### Work instructions
Set down, please, exactly the lines below that run from the line with "case: (separating_linform p" to the line with "rewrite /h rmorph_prod; apply/prodf_neq0 => i hi.", both lines included.

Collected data

◇ ◇ ◇ ◇ ◇

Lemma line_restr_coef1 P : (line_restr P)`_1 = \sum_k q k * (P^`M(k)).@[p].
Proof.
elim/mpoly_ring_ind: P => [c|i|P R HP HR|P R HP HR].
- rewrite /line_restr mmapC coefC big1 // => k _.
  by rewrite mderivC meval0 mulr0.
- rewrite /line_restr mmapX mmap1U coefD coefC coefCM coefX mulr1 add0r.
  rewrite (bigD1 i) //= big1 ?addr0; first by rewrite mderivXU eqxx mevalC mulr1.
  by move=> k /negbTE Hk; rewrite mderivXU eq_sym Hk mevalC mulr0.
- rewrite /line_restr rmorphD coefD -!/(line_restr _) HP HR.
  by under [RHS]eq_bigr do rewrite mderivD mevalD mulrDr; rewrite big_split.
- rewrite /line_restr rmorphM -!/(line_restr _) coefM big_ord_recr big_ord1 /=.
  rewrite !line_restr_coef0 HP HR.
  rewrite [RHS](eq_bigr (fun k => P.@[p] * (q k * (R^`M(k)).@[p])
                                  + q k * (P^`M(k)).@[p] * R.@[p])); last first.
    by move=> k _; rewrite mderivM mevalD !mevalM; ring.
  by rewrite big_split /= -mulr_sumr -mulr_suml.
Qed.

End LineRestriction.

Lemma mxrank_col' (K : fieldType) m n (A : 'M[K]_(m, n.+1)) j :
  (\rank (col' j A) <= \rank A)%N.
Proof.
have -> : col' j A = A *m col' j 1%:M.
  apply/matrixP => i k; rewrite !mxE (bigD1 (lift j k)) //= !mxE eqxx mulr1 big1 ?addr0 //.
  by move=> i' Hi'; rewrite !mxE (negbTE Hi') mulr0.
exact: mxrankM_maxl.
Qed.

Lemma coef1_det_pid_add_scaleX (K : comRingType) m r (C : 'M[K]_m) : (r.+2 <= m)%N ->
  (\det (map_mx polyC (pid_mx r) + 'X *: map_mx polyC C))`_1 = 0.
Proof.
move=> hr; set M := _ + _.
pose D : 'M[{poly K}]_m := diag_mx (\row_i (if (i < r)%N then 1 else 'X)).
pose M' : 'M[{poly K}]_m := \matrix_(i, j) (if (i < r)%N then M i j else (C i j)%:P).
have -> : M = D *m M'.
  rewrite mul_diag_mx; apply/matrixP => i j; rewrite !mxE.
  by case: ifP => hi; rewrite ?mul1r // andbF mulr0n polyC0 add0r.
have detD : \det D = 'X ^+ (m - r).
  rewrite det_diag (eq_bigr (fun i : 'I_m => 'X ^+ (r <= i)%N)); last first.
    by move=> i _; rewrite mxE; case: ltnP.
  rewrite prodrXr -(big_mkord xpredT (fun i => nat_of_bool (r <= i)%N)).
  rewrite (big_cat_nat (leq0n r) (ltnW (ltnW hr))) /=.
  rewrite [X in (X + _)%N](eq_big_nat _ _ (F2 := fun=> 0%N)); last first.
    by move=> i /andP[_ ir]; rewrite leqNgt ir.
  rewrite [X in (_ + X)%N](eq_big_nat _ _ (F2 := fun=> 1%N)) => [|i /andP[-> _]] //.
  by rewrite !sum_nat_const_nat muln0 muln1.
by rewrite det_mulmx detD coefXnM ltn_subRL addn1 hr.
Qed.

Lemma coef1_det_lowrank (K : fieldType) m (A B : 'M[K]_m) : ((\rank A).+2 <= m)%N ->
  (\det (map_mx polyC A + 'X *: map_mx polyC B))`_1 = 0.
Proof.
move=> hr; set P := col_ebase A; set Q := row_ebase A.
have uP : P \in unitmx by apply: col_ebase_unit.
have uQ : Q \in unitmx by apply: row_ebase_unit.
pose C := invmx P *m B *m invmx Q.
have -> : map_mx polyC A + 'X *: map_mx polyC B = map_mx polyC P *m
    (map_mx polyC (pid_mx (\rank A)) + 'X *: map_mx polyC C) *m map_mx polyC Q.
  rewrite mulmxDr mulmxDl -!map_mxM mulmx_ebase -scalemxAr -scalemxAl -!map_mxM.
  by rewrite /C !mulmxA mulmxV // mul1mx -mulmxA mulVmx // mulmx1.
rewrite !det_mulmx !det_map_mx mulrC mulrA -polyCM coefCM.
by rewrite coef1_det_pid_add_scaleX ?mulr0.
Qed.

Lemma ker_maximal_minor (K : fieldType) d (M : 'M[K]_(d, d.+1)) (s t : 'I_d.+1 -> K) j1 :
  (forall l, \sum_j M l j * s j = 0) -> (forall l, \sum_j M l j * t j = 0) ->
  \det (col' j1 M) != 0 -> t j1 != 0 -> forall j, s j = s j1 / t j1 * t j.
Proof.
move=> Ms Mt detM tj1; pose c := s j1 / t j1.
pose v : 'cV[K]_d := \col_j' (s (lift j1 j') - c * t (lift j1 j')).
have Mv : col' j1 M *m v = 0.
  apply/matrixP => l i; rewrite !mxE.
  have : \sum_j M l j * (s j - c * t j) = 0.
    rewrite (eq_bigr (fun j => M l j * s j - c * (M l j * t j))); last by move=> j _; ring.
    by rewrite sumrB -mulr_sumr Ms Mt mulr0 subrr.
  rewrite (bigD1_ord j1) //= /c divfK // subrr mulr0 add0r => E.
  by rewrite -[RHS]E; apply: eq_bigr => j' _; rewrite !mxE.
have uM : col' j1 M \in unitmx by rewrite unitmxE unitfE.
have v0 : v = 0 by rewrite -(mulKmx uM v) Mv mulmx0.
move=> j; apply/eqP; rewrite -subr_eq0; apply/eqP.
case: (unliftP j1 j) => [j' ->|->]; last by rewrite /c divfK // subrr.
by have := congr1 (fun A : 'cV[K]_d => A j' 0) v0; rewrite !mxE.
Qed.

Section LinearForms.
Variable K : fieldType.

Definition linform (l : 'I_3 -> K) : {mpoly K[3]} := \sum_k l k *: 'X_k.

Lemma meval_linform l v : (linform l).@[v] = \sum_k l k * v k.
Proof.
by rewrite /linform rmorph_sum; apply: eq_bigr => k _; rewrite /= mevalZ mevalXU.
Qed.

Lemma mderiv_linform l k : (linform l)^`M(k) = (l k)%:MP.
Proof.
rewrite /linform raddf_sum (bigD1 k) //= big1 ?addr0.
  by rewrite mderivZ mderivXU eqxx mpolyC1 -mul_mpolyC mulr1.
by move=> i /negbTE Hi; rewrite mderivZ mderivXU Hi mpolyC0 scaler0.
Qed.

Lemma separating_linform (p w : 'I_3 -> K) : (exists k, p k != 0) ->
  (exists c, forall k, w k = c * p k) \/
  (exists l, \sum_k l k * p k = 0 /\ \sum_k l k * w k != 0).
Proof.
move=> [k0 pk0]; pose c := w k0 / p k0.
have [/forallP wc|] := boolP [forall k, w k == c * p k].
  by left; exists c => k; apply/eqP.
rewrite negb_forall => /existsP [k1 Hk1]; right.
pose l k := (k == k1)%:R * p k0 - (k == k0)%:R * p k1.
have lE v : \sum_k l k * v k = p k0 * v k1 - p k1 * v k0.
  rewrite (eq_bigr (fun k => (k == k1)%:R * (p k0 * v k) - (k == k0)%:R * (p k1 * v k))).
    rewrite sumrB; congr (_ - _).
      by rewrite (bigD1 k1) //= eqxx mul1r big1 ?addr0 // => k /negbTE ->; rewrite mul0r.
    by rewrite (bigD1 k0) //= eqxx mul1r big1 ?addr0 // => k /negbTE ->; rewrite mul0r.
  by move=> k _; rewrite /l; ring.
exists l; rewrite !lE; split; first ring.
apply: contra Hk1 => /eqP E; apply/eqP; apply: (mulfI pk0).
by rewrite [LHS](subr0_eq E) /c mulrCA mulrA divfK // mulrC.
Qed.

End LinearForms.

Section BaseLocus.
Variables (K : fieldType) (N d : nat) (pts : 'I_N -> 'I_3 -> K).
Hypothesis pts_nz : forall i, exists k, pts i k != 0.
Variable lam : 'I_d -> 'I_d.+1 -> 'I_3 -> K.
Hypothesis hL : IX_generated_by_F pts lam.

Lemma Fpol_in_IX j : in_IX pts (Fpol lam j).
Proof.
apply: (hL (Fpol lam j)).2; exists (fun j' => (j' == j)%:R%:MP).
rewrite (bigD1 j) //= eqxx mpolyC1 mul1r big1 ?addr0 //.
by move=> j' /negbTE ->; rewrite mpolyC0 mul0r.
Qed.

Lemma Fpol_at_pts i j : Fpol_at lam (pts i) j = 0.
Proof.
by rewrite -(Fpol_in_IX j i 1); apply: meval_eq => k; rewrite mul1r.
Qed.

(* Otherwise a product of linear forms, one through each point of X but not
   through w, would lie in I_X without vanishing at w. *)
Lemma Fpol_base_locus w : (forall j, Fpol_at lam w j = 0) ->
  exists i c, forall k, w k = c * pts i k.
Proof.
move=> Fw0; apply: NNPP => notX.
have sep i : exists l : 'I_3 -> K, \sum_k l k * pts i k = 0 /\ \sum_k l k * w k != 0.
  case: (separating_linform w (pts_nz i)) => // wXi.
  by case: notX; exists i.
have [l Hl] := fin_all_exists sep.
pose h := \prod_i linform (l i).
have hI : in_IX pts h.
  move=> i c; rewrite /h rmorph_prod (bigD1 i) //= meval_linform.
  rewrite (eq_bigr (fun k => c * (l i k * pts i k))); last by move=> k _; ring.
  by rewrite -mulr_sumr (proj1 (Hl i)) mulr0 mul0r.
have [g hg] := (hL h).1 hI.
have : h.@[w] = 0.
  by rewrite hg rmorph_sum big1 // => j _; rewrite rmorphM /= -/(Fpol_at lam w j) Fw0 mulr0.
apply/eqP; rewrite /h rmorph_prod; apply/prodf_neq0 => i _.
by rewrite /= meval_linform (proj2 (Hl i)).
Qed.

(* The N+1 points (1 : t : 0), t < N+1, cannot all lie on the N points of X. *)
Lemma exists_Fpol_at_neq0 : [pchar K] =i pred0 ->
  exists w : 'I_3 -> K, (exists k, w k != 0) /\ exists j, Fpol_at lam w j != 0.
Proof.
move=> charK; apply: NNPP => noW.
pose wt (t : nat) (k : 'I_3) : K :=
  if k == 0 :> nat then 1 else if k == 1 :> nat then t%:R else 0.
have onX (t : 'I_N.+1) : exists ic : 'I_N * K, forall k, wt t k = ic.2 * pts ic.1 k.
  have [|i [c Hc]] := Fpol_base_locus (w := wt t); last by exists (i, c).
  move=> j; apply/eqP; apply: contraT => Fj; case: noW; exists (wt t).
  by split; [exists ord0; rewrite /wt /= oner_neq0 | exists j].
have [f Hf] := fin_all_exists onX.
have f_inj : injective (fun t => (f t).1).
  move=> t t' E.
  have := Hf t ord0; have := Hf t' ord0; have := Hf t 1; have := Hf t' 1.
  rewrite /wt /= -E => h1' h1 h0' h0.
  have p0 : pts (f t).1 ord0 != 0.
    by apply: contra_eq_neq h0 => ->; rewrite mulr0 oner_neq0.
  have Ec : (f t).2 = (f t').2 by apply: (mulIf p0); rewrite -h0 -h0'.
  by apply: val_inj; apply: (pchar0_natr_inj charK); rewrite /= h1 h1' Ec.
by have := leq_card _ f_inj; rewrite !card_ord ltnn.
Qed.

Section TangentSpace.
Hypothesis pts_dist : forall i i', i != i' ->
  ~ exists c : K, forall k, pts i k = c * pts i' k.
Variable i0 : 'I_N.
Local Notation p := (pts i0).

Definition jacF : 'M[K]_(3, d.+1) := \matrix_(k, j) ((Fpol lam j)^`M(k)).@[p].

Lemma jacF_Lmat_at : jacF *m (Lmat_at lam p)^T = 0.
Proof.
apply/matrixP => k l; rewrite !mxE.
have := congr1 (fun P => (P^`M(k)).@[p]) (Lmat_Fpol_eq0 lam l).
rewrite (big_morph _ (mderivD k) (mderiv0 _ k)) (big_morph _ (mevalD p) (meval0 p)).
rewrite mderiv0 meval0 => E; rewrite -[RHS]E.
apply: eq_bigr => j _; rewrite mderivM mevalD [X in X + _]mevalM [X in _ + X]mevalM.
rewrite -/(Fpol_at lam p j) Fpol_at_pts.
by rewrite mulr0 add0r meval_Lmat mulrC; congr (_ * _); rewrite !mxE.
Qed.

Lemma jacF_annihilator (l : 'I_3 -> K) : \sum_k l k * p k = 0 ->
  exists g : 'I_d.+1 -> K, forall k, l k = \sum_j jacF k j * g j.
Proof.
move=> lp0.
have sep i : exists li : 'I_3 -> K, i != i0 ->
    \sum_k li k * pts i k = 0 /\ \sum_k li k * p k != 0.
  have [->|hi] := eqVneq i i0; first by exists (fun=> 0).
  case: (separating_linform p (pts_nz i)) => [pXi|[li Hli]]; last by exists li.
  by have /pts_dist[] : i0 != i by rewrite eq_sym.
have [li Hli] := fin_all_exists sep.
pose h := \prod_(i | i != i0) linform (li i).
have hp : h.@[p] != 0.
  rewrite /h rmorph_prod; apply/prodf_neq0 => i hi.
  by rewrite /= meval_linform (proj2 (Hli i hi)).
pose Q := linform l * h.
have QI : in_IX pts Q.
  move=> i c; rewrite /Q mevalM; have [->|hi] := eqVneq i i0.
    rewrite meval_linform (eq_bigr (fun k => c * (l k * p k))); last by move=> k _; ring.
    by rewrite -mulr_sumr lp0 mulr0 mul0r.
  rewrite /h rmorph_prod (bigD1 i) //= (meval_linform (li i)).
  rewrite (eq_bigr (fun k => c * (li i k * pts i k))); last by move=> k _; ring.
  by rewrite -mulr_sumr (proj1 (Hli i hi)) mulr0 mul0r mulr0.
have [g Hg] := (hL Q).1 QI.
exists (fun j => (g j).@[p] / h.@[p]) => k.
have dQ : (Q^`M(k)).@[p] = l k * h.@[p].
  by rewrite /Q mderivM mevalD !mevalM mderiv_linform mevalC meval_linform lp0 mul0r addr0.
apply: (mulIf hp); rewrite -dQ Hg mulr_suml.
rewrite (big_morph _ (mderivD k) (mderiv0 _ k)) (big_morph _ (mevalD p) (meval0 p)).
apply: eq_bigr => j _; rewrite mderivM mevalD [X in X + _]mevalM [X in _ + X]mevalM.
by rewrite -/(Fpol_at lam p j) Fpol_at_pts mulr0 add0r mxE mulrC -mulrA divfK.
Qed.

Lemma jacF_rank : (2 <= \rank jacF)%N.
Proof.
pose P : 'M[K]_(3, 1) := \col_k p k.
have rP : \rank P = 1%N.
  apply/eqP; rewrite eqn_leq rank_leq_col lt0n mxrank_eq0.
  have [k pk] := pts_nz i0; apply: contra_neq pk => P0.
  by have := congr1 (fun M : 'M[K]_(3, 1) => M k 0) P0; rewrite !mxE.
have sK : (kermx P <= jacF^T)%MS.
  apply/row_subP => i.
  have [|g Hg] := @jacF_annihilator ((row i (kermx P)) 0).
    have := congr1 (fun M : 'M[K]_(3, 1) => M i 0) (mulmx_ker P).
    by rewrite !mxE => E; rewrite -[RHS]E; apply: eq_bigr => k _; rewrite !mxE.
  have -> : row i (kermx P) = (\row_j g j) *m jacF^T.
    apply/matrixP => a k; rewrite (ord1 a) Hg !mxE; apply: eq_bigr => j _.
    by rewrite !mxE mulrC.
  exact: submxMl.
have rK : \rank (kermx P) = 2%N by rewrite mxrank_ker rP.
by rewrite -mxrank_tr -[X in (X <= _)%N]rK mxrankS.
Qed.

◇ ◇ ◇ ◇ ◇

### Result of this exercise
  case: (separating_linform p (pts_nz i)) => [pXi|[li Hli]]; last by exists li.
  by have /pts_dist[] : i0 != i by rewrite eq_sym.
have [li Hli] := fin_all_exists sep.
pose h := \prod_(i | i != i0) linform (li i).
have hp : h.@[p] != 0.
  rewrite /h rmorph_prod; apply/prodf_neq0 => i hi.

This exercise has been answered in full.